# Bolt/cable card resolution options?



## kevbo82 (Jan 22, 2016)

Hey all,
I just switched from Fios to Xfinity with a bolt (Motorola cable card) right away I noticed a drop in picture quality. I see when I press info while watching a show the info window shows me the resolution of the program on the right hand side, most HD content coming through from Xfinity is 1080i. AHHH thats why my eye is so unhappy. I always ran my fios/motorolla box at 720p (an option in the settings of the box) and let the processor in my AVR convert to 1080P. Every time Fios did any software upgrades overnight the box would revert to 1080i, and my picky eyes would pick up on a drop in picture quality, and I would go switch back to 720P. Anyone know of any way with the bolt and Xfinity cable card to change that resolution? I see you can change the output resolution of the bolt, but that doesn't help the interlaced signal coming in....
Thanks in advance


----------



## tarheelblue32 (Jan 13, 2014)

You need to get your eyes checked. 1080i is going to be a better resolution than 720p.

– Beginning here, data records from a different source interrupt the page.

(* Consider MALIQUANT. Then, $\mathcal{SG}(0)=0$ and, for all $n\in \mathbb{N}$, $\mathcal{SG}(n)=i_o(n)$.
   Context: MALIQUANT is the impartial normal-play game on the nonnegative integers where from $n$ a player moves to a nondivisor of $n$ smaller than $n$: $\mathrm{opt}(n)=\{d: 0\le d<n,\ d\nmid n\}$ (in particular $0$ is an option of every $n>0$, and $0$ has no options). $\mathcal{SG}$ denotes the Sprague-Grundy value (mex rule). $i_o:\mathbb{N}\to\mathbb{N}$ is the index of the largest odd factor: if $n=2^k(2m-1)$ then $i_o(n)=m$. *)

From mathcomp Require Import all_boot.
Set Implicit Arguments. Unset Strict Implicit. Unset Printing Implicit Defensive.

(* Options of n in MALIQUANT: the nondivisors d of n with 0 <= d < n.
   (In MathComp, 0 %| n iff n = 0, so 0 is an option of every n > 0.) *)
Definition opt (n : nat) : seq nat := [seq d <- iota 0 n | ~~ (d %| n)].

(* Minimum excludant: the least natural number not in s.
   Some m <= size s is always missing from s, so searching iota 0 (size s).+1 suffices. *)
Definition mex (s : seq nat) : nat :=
  find (fun m => m \notin s) (iota 0 (size s).+1).

(* Sprague-Grundy value, by recursion on the position with a fuel argument;
   fuel n.+1 suffices since all options of n are < n. *)
Fixpoint sg_fuel (k n : nat) : nat :=
  match k with
  | 0 => 0
  | k'.+1 => mex [seq sg_fuel k' d | d <- opt n]
  end.

Definition SG (n : nat) : nat := sg_fuel n.+1 n.

(* Index of the largest odd factor: if n = 2^k (2m-1) then i_o n = m. *)
Definition oddpart (n : nat) : nat := n %/ 2 ^ logn 2 n.
Definition i_o (n : nat) : nat := (oddpart n).+1./2.

From mathcomp Require Import all_boot zify.

(* Write n = 2^k (2m - 1).  Every value v < m is the i_o-value of an option:
   v = 0 of the option 0, and v > 0 of w = 2v - 1 < 2m - 1 if w does not
   divide n, and otherwise of 2^(k+1) w, which is still below n because a
   proper odd divisor of the odd number 2m - 1 is at most a third of it.
   The value m itself is not taken by any option, since the numbers below n
   with odd part 2m - 1 are the 2^j (2m - 1) with j < k, all divisors of n.
   So i_o satisfies the mex recursion defining SG; as i_o 0 = 0, it does so
   at 0 as well, and strong induction covers every n. *)

Lemma sg_fuel_eq k1 k2 n : n < k1 -> n < k2 -> sg_fuel k1 n = sg_fuel k2 n.
Proof.
elim: k1 k2 n => [|k1 IH] [|k2] n //= n_lt_k1 n_lt_k2.
congr mex; apply/eq_in_map => d; rewrite mem_filter mem_iota /= => /andP[_ d_lt_n].
apply: IH; lia.
Qed.

Lemma in_opt d n : (d \in opt n) = (d < n) && ~~ (d %| n).
Proof. by rewrite mem_filter mem_iota andbC. Qed.

Lemma SG_rec n : SG n = mex [seq SG d | d <- opt n].
Proof.
rewrite {1}/SG /=; congr mex; apply/eq_in_map => d.
by rewrite in_opt => /andP[d_lt_n _]; apply: sg_fuel_eq.
Qed.

Lemma mex_eq s m : (forall v, v < m -> v \in s) -> m \notin s -> mex s = m.
Proof.
move=> below_in m_notin.
have m_le_size : m <= size s.
  rewrite -[m](size_iota 0); apply: uniq_leq_size (iota_uniq 0 m) _ => v.
  by rewrite mem_iota => /below_in.
rewrite /mex; set p := fun v => v \notin s; set i := find p _.
have has_p : has p (iota 0 (size s).+1).
  by apply/hasP; exists m; rewrite // mem_iota.
have i_lt : i < (size s).+1 by rewrite -[X in _ < X](size_iota 0) -has_find.
have p_i : p i by have := nth_find 0 has_p; rewrite nth_iota.
have not_p_before j : j < i -> ~~ p j.
  move=> j_lt_i; have := before_find 0 j_lt_i.
  by rewrite nth_iota ?add0n => [->|]; last exact: ltn_trans i_lt.
case: (ltngtP i m) => [/below_in i_in | /not_p_before | //].
  by move: p_i; rewrite /p i_in.
by rewrite /p m_notin.
Qed.

Lemma pow2_odd_decomp n : 0 < n -> exists k u, n = 2 ^ k * u.*2.+1.
Proof.
move=> n_gt0; have [o] := pfactor_coprime (isT : prime 2) n_gt0.
rewrite coprime2n => o_odd ->; exists (logn 2 n), o./2.
by rewrite mulnC; congr (_ * _); lia.
Qed.

Lemma i_o_pow2_odd k u : i_o (2 ^ k * u.*2.+1) = u.+1.
Proof.
have odd_u2 : coprime 2 u.*2.+1 by rewrite coprime2n /= odd_double.
rewrite /i_o /oddpart lognM ?expn_gt0 // pfactorK // logn_coprime // addn0.
by rewrite mulKn ?expn_gt0 // -doubleS doubleK.
Qed.

Lemma dvdn_pow2_odd j k a b : odd a -> odd b ->
  (2 ^ j * a %| 2 ^ k * b) = (j <= k) && (a %| b).
Proof.
move=> a_odd b_odd.
have coprime_pow2 i c : odd c -> coprime (2 ^ i) c.
  by move=> c_odd; rewrite coprimeXl ?coprime2n.
rewrite Gauss_dvd ?coprime_pow2 // Gauss_dvdl ?coprime_pow2 // dvdn_Pexp2l //.
by rewrite Gauss_dvdr // coprime_sym coprime_pow2.
Qed.

Lemma odd_proper_dvd_double_lt a b : odd b -> a %| b -> a < b -> a.*2 < b.
Proof.
move=> b_odd /dvdnP[c b_eq] a_lt_b; move: b_odd; rewrite b_eq oddM => /andP[c_odd _].
have c_ge3 : 3 <= c by case: c c_odd b_eq a_lt_b => [|[|[|c]]] //= _ ->; lia.
nia.
Qed.

Lemma i_o_below_opt n v : v < i_o n -> exists2 d, d \in opt n & i_o d = v.
Proof.
case: (posnP n) => [-> // | /pow2_odd_decomp[k [u ->]]].
rewrite i_o_pow2_odd ltnS => v_le_u.
have pow_gt0 j : 0 < 2 ^ j by rewrite expn_gt0.
case: v v_le_u => [_ | t t_lt_u].
  by exists 0; rewrite // in_opt dvd0n -lt0n andbb muln_gt0 pow_gt0.
have w_odd : odd t.*2.+1 by rewrite /= odd_double.
have u_odd : odd u.*2.+1 by rewrite /= odd_double.
have w_lt : t.*2.+1 < u.*2.+1 by lia.
have [w_dvd | w_ndvd] := boolP (t.*2.+1 %| 2 ^ k * u.*2.+1).
- exists (2 ^ k.+1 * t.*2.+1); last exact: i_o_pow2_odd.
  rewrite in_opt dvdn_pow2_odd // ltnn andbT expnS -mulnA mulnCA ltn_pmul2l // mul2n.
  apply: odd_proper_dvd_double_lt => //.
  by rewrite -(@Gauss_dvdr _ (2 ^ k)) // coprime_sym coprimeXl ?coprime2n.
- exists (2 ^ 0 * t.*2.+1); last exact: i_o_pow2_odd.
  rewrite mul1n in_opt w_ndvd andbT; apply: leq_trans (leq_pmull _ (pow_gt0 k)); lia.
Qed.

Lemma i_o_opt_neq n d : d \in opt n -> i_o d != i_o n.
Proof.
rewrite in_opt => /andP[d_lt_n d_ndvd].
have /pow2_odd_decomp[k [u n_eq]] : 0 < n by apply: leq_ltn_trans d_lt_n.
move: d_lt_n d_ndvd; rewrite n_eq i_o_pow2_odd.
case: (posnP d) => [-> // | /pow2_odd_decomp[j [t ->]]].
rewrite i_o_pow2_odd eqSS; case: eqP => [->|]; last by [].
have u_odd : odd u.*2.+1 by rewrite /= odd_double.
rewrite ltn_pmul2r ?ltn_exp2l; [move=> /ltnW j_le_k | by [] | by []].
by rewrite dvdn_pow2_odd // j_le_k dvdnn.
Qed.

Lemma SG_i_o n : SG n = i_o n.
Proof.
elim/ltn_ind: n => n IH; rewrite SG_rec.
have -> : [seq SG d | d <- opt n] = [seq i_o d | d <- opt n].
  by apply/eq_in_map => d; rewrite in_opt => /andP[/IH].
apply: mex_eq.
  by move=> v /i_o_below_opt[d d_opt <-]; apply: map_f.
by apply/mapP => -[d /i_o_opt_neq/negP d_neq /esym/eqP].
Qed.

Theorem mainTheorem4 : SG 0 = 0 /\ forall n : nat, 0 < n -> SG n = i_o n.
Proof. by split=> // n _; apply: SG_i_o. Qed.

Regardless, the resolution information you are being shown in the info pop-up box is the native resolution of whatever channel you are watching. If you hit the up arrow on the directional pad it should show you what resolution the Bolt is actually outputting. As you already pointed out, you can set what output resolution you want in the Bolt video settings.


----------



## unitron (Apr 28, 2006)

tarheelblue32 said:


> You need to get your eyes checked. 1080i is going to be a better resolution than 720p.
> 
> Regardless, the resolution information you are being shown in the info pop-up box is the native resolution of whatever channel you are watching. If you hit the up arrow on the directional pad it should show you what resolution the Bolt is actually outputting. As you already pointed out, you can set what output resolution you want in the Bolt video settings.


Better resolution, like higher fidelity in an audio product, can reveal inferiorities in the source material, so lower "quality" sometimes looks or sounds better.

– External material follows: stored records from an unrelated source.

(* Let $q>1$ and $0<u<1$. Put weights on the edges $\lambda\to\Lambda$ of Young's lattice ($\Lambda$ obtained from $\lambda$ by adding one box): $m_{\lambda,\Lambda}=\frac{u}{q^{\lambda'_1}(q^{\lambda'_1+1}-1)}$ if the box is added to column $1$, and $m_{\lambda,\Lambda}=\frac{u\,(q^{-\lambda'_s}-q^{-\lambda'_{s-1}})}{q^{\lambda'_1}-1}$ if it is added to column $s>1$. Then for every standard Young tableau $T$, the probability that the Young Tableau Algorithm (run to termination) outputs $T$ equals $$\prod_{r=1}^\infty(1-u/q^r)\prod_{i=0}^{|T|-1}m_{\gamma_i,\gamma_{i+1}},$$ where $\emptyset=\gamma_0\subset\gamma_1\subset\dots\subset\gamma_{|T|}$ is the chain of shapes with $\gamma_k$ the shape formed by the entries $1,\dots,k$ of $T$.
   Context: $\lambda'_s$ is the length of column $s$ of $\lambda$ ($0$ if empty). Young Tableau Algorithm: coins indexed by $N\ge1$, coin $N$ showing heads with probability $u/q^N$, all flips independent. Start with $\lambda=\emptyset$, $N=1$. Flip coin $N$. If tails, set $N\to N+1$ and flip the new coin. If heads, choose a column $S\ge1$ with $\Pr(S=1)=\frac{q^{N-\lambda'_1}-1}{q^N-1}$ and $\Pr(S=s)=\frac{q^{N-\lambda'_s}-q^{N-\lambda'_{s-1}}}{q^N-1}$ for $s>1$, add a box at the bottom of column $S$, and flip coin $N$ again. Almost surely only finitely many boxes are added; the output is the standard Young tableau obtained by labelling boxes $1,2,\dots$ in order of creation. *)

From HB Require Import structures.
From mathcomp Require Import all_boot all_order all_algebra.
From mathcomp Require Import all_classical all_reals all_analysis.
Set Implicit Arguments. Unset Strict Implicit. Unset Printing Implicit Defensive.
Import Order.TTheory GRing.Theory Num.Theory numFieldNormedType.Exports.
Local Open Scope ring_scope.

(* ---------- Shapes ----------
   A shape (Young diagram) is represented by its list of column lengths
   lam' = [lam'_1; lam'_2; ...]  (trailing zeros allowed, irrelevant). *)
Definition shape := seq nat.

(* lam'_s for columns s >= 1 ; 0 for an empty / nonexistent column. *)
Definition colLen (lam : shape) (s : nat) : nat := nth 0%N lam s.-1.

Definition addBox (lam : shape) (s : nat) : shape := incr_nth lam s.-1.

(* ---------- Standard Young tableaux ----------
   A tableau is given as its list of columns, each listed top to bottom. *)
Definition tableau := seq (seq nat).

Definition tab_size (T : tableau) : nat := size (flatten T).

Definition standard (T : tableau) : Prop :=
  [/\ all (fun c => 0 < size c)%N T,
      sorted geq (map size T),
      perm_eq (flatten T) (iota 1 (tab_size T)),
      all (sorted ltn) T &
      forall s i : nat, (i < size (nth [::] T s.+1))%N ->
        (nth 0 (nth [::] T s) i < nth 0 (nth [::] T s.+1) i)%N ].
                                                     (* rows strictly increase rightward *)

Definition gamma (T : tableau) (k : nat) : shape :=
  map (fun c => count (fun x => x <= k)%N c) T.

Definition col_of (T : tableau) (k : nat) : nat :=
  (find (fun c => k \in c) T).+1.

Section Algo.
Variable R : realType.
Variables q u : R.

(* coin N shows heads with probability u/q^N *)
Definition heads (N : nat) : R := u / q ^+ N.
Definition tails (N : nat) : R := 1 - u / q ^+ N.

(* Pr(S = s) when the current shape is lam and the current coin is N;
   q^(N - l) is written q^N / q^l *)
Definition colprob (lam : shape) (N s : nat) : R :=
  if s == 1%N then (q ^+ N / q ^+ colLen lam 1 - 1) / (q ^+ N - 1)
  else (q ^+ N / q ^+ colLen lam s - q ^+ N / q ^+ colLen lam s.-1)
         / (q ^+ N - 1).

Definition tailprod (N : nat) : R :=
  limn (fun n : nat => \prod_(N <= r < n) tails r).

Local Open Scope ereal_scope.
(* probFrom cs lam N : probability that, starting from shape lam and about
   to flip coin N, the algorithm adds its subsequent boxes exactly to the
   columns listed in cs (in that order) and afterwards adds no more boxes.
   The next box is created at the first coin index M >= N showing heads
   (coins N, ..., M-1 having shown tails); the process then continues from
   the new shape, flipping coin M again. *)
Fixpoint probFrom (cs : seq nat) (lam : shape) (N : nat) : \bar R :=
  match cs with
  | [::] => (tailprod N)%:E
  | s :: cs' =>
      \sum_(N <= M <oo)
        ((\prod_(N <= j < M) tails j) * heads M * colprob lam M s)%:E
          * probFrom cs' (addBox lam s) M
  end.
Local Close Scope ereal_scope.

(* Probability that the Young Tableau Algorithm (started with the empty shape
   and N = 1) outputs the tableau T: the k-th created box (k = 1..|T|) is
   added to the column of T containing k, and no further box is ever added. *)
Definition probOutput (T : tableau) : \bar R :=
  probFrom [seq col_of T k | k <- iota 1 (tab_size T)] [::] 1.

Definition mweight (lam : shape) (s : nat) : R :=
  if s == 1%N then
    u / (q ^+ colLen lam 1 * (q ^+ (colLen lam 1).+1 - 1))
  else u * ((q ^- colLen lam s) - (q ^- colLen lam s.-1))
         / (q ^+ colLen lam 1 - 1).

Definition diffcol (lam Lam : shape) : nat :=
  (find (fun j => nth 0%N lam j != nth 0%N Lam j)
        (iota 0 (maxn (size lam) (size Lam)))).+1.

Definition medge (lam Lam : shape) : R := mweight lam (diffcol lam Lam).

End Algo.

From Pilot Require Import Defs.
From HB Require Import structures.
From mathcomp Require Import all_boot all_order all_algebra.
From mathcomp Require Import all_classical all_reals all_analysis.
From mathcomp Require Import ring zify.
Set Implicit Arguments.
Unset Strict Implicit.
Unset Printing Implicit Defensive.
Import Order.TTheory GRing.Theory Num.Theory numFieldNormedType.Exports.
Local Open Scope classical_set_scope.
Local Open Scope ring_scope.

(* Write a for the length λ'_1 of the first column, φ_a(M) = ∏_{j<a} (1 - q^(j-M))
   (so φ_0 = 1), and P_cs(λ, N) for the probability that, from shape λ with coin N
   about to be flipped, the algorithm adds its boxes exactly in the columns cs and
   then stops.  By induction on cs, for a >= 1,
     Σ_{M>=1} (φ_a(M) - φ_a(M-1)) ∏_{1<=j<M} (1 - u/q^j) P_cs(λ, M)
       = ∏_{r>=1} (1 - u/q^r) ∏ m.
   Expanding P over the coin M' that places the next box and exchanging the sums
   telescopes the differences back into φ_a(M'), and the identity
     φ_a(M) (u/q^M) Pr(S = s) = m_{λ,λ+s} (φ_a'(M) - φ_a'(M-1)),
   with a' the first-column length of λ + s, restores the same form for λ + s.
   When no box is left, the tails telescope into the infinite product. *)

Lemma count_leqS (s : seq nat) k :
  count (fun y => y <= k.+1)%N s =
  (count (fun y => y <= k)%N s + count (pred1 k.+1) s)%N.
Proof.
elim: s => //= y s ->.
have [->|ne] := eqVneq y k.+1; first by rewrite leqnn ltnn /=; lia.
by rewrite leq_eqVlt (negPf ne) /= ltnS; lia.
Qed.

Lemma sorted_ltn_nth_leq (s : seq nat) a b :
  sorted ltn s -> (a <= b)%N -> (b < size s)%N -> (nth 0 s a <= nth 0 s b)%N.
Proof.
rewrite ltn_sorted_uniq_leq => /andP[_ s_le] ab bs.
by apply: (sorted_leq_nth leq_trans leqnn) => //; rewrite inE (leq_ltn_trans ab).
Qed.

Lemma count_le_nth_sorted (s : seq nat) i k : sorted ltn s -> (i < size s)%N ->
  (nth 0 s i <= k)%N -> (i.+1 <= count (fun y => y <= k)%N s)%N.
Proof.
move=> s_lt hi sik; rewrite -(cat_take_drop i.+1 s) count_cat.
have : all (fun y => y <= k)%N (take i.+1 s).
  apply/allP => y /(nthP 0) [t]; rewrite size_takel // => ht <-.
  by rewrite nth_take // (leq_trans _ sik) // sorted_ltn_nth_leq // -ltnS.
by rewrite all_count => /eqP->; rewrite size_takel // leq_addr.
Qed.

Lemma count_le_index_sorted (s : seq nat) x k : sorted ltn s -> x \in s ->
  (k < x)%N -> (count (fun y => y <= k)%N s <= index x s)%N.
Proof.
move=> s_lt xs kx; rewrite -{1}(cat_take_drop (index x s) s) count_cat.
have -> : count (fun y => y <= k)%N (drop (index x s) s) = 0%N.
  apply/eqP; rewrite -leqn0 leqNgt -has_count; apply/hasPn => y /(nthP 0) [t].
  rewrite size_drop ltn_subRL => ht <-; rewrite nth_drop -ltnNge.
  by rewrite (leq_trans kx) // -{1}(nth_index 0 xs) sorted_ltn_nth_leq ?leq_addr.
by rewrite addn0 (leq_trans (count_size _ _)) // size_take index_mem xs leqnn.
Qed.

Lemma diffcol_incr_nth (lam : Defs.shape) i :
  (i < size lam)%N -> diffcol lam (incr_nth lam i) = i.+1.
Proof.
move=> hi; rewrite /diffcol size_incr_nth hi maxnn; congr S.
rewrite (@eq_find _ _ (pred1 i)); last first.
  move=> j /=; rewrite nth_incr_nth [j == i]eq_sym.
  case: (i == j); last by rewrite add0n eqxx.
  by rewrite add1n neq_ltn ltnSn.
rewrite -/(index i (iota 0 (size lam))).
have {1}-> : i = nth 0%N (iota 0 (size lam)) i by rewrite nth_iota.
by rewrite index_uniq ?size_iota ?iota_uniq.
Qed.

Lemma colLen_addBox (lam : Defs.shape) s t : (0 < s)%N -> (0 < t)%N ->
  colLen (addBox lam s) t = (colLen lam t + (s == t))%N.
Proof.
case: s => // s _; case: t => // t _.
by rewrite /colLen /addBox nth_incr_nth /= eqSS addnC.
Qed.

(* Weaker than "λ + s is a partition": just what makes the column probability
   nonnegative and the edge weight well defined (it divides by q^(λ'_1) - 1). *)
Definition col_admissible (lam : Defs.shape) (s : nat) : bool :=
  (s == 1)%N || ((0 < colLen lam 1) && (colLen lam s <= colLen lam s.-1))%N.

Fixpoint admissible (lam : Defs.shape) (cs : seq nat) : bool :=
  if cs is s :: cs' then
    [&& (0 < s)%N, col_admissible lam s & admissible (addBox lam s) cs']
  else true.

Lemma colLen_addBox1_gt0 (lam : Defs.shape) s :
  (0 < s)%N -> col_admissible lam s -> (0 < colLen (addBox lam s) 1)%N.
Proof.
move=> s_gt0; rewrite colLen_addBox // => /orP[/eqP->|/andP[a_gt0 _]].
  by rewrite addn1.
by rewrite ltn_addr.
Qed.

Section StandardTableau.
Variable T : tableau.
Hypothesis hT : standard T.

Local Notation col j := (nth [::] T j).
Local Notation n := (tab_size T).

Lemma col_sorted j : sorted ltn (col j).
Proof.
case: hT => _ _ _ hs _; case: (ltnP j (size T)) => hj; last by rewrite nth_default.
by move/allP: hs; apply; rewrite mem_nth.
Qed.

Lemma col_uniq j : uniq (col j).
Proof. exact: sorted_uniq ltn_trans ltnn _ (col_sorted j). Qed.

Lemma size_colS j : (size (col j.+1) <= size (col j))%N.
Proof.
case: hT => _ hsz _ _ _; case: (ltnP j.+1 (size T)) => hj; last by rewrite nth_default.
have geq_trans : transitive geq by move=> a b c /= h1 h2; exact: leq_trans h2 h1.
have := sorted_leq_nth geq_trans (fun a => leqnn a) 0%N hsz.
rewrite size_map => /(_ j j.+1); rewrite !inE (ltnW hj) hj => /(_ isT isT (leqnSn j)).
by rewrite /= !(nth_map [::]) // ltnW.
Qed.

Lemma row_lt j i : (i < size (col j.+1))%N -> (nth 0 (col j) i < nth 0 (col j.+1) i)%N.
Proof. by case: hT => _ _ _ _; apply. Qed.

Lemma mem_flatten_tab x : (x \in flatten T) = (0 < x <= n)%N.
Proof. by case: hT => _ _ hp _ _; rewrite (perm_mem hp) mem_iota add1n ltnS. Qed.

Lemma uniq_flatten_tab : uniq (flatten T).
Proof. by case: hT => _ _ hp _ _; rewrite (perm_uniq hp) iota_uniq. Qed.

Lemma mem_col_flatten j x : x \in col j -> x \in flatten T.
Proof.
move=> xj; apply/flattenP; exists (col j) => //.
case: (ltnP j (size T)) => hj; first by rewrite mem_nth.
by rewrite nth_default in xj.
Qed.

Lemma col_gt0 j x : x \in col j -> (0 < x)%N.
Proof. by move/mem_col_flatten; rewrite mem_flatten_tab => /andP[]. Qed.

Definition col_index x := find (fun c => x \in c) T.

Lemma col_indexP x : (0 < x <= n)%N -> (col_index x < size T)%N /\ x \in col (col_index x).
Proof.
rewrite -mem_flatten_tab => /flattenP[c cT xc].
have hx : has (fun c => x \in c) T by apply/hasP; exists c.
by rewrite /col_index -has_find; split=> //; exact: (nth_find [::] hx).
Qed.

Lemma col_index_uniq x j : x \in col j -> j = col_index x.
Proof.
move=> xj; have := mem_col_flatten xj; rewrite mem_flatten_tab => /col_indexP[jT xjx].
have hj : (j < size T)%N by case: ltnP xj => // h; rewrite nth_default.
case: (ltngtP j (col_index x)) => // h; first by have := before_find [::] h; rewrite xj.
have := uniq_flatten_tab.
rewrite -(cat_take_drop j T) flatten_cat cat_uniq => /and3P[_ /hasPn/(_ x) + _].
rewrite (drop_nth [::] hj) /= mem_cat xj => /(_ isT) /negP[]; apply/flattenP.
by exists (col (col_index x)); rewrite // -(nth_take [::] h) mem_nth // size_take hj.
Qed.

Lemma count_pred1_col x j : (0 < x <= n)%N -> count (pred1 x) (col j) = (j == col_index x).
Proof.
move=> hx; rewrite count_uniq_mem ?col_uniq //; have [_ xm] := col_indexP hx.
case: eqP => [->|ne]; first by rewrite xm.
by case: (boolP (x \in col j)) => // /col_index_uniq.
Qed.

Lemma nth_gamma k j : nth 0 (gamma T k) j = count (fun y => y <= k)%N (col j).
Proof.
case: (ltnP j (size T)) => hj; first by rewrite (nth_map [::]).
by rewrite !nth_default ?size_map.
Qed.

Lemma nth_gamma0 j : nth 0 (gamma T 0) j = 0%N.
Proof.
rewrite nth_gamma; apply/eqP; rewrite -leqn0 leqNgt -has_count.
by apply/hasPn => y /col_gt0; rewrite -ltnNge.
Qed.

Lemma gammaS k : (k < n)%N -> gamma T k.+1 = addBox (gamma T k) (col_of T k.+1).
Proof.
move=> kn; have [kT _] := @col_indexP k.+1 kn.
apply: (@eq_from_nth _ 0%N); first by rewrite size_incr_nth !size_map kT.
move=> j _; rewrite nth_incr_nth !nth_gamma count_leqS count_pred1_col //.
by rewrite eq_sym addnC.
Qed.

Lemma diffcol_gammaS k : (k < n)%N -> diffcol (gamma T k) (gamma T k.+1) = col_of T k.+1.
Proof.
move=> kn; have [kT _] := @col_indexP k.+1 kn.
by rewrite gammaS // diffcol_incr_nth // size_map.
Qed.

Lemma count_col0_gt0 k j : (0 < count (fun y => y <= k)%N (col j))%N ->
  (0 < count (fun y => y <= k)%N (col 0))%N.
Proof.
elim: j => // j IH; rewrite -has_count => /hasP [y yj yk]; apply: IH.
have hsz : (0 < size (col j.+1))%N by case: (col j.+1) yj.
have y_ge : (nth 0 (col j.+1) 0 <= y)%N.
  by have [t ht <-] := nthP 0 yj; rewrite sorted_ltn_nth_leq ?col_sorted.
apply: (@count_le_nth_sorted _ 0%N); rewrite ?col_sorted ?(leq_trans hsz (size_colS j)) //.
by rewrite (leq_trans (ltnW (row_lt hsz))) // (leq_trans y_ge yk).
Qed.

Better, of course, being a highly subjective term.


----------



## tarheelblue32 (Jan 13, 2014)

unitron said:


> Better resolution, like higher fidelity in an audio product, can reveal inferiorities in the source material, so lower "quality" sometimes looks or sounds better.
> 
> Better, of course, being a highly subjective term.


That's a good point.


----------



## kevbo82 (Jan 22, 2016)

tarheelblue32 said:


> You need to get your eyes checked. 1080i is going to be a better resolution than 720p.
> 
> Regardless, the resolution information you are being shown in the info pop-up box is the native resolution of whatever channel you are watching. If you hit the up arrow on the directional pad it should show you what resolution the Bolt is actually outputting. As you already pointed out, you can set what output resolution you want in the Bolt video settings.


If you ignore the I and P, sure 1080 is clearly a higher resolution than 720. Issue is the I and P...interlaced signals have a bunch of filler, progressive scan is every line every time. My eyes see it right away(thats how I always knew when Fios did an update and I had to check my boxes resolution), and maybe it's just a personal preference...but especially with anything fast moving, i'll take progressive scan over interlaced. You're correct though, I was thinking comcast was sending me 1080i, comcast just sends me what they get. I confirmed that by checking ABC channels, which broadcast in 720P (A choice they made partly because of ESPN and picture quality for sports) and the tivo does show those ABC channels at 720P. I think a little bit of it is the interlaced but also think i'm being extra sensitive to it because Fios had better picture quality and I just need to adjust. My AVR has a faroudja processor which does a pretty good job, but I feel like it does a better job when I give it a progressive scan picture to up convert (again this might be in my head/eyes)


----------



## aaronwt (Jan 31, 2002)

If your Comcast is like Comcast in my area, the picture quality is far worse on Comcast. Because of them using more compression on the channels. When I visit my parents, three is an obvious difference in quality with their Comcast signal. ANd everyone else I've visited with Comcast in my area. If this is the case in your area, then you need to go back to FIOS for better quality.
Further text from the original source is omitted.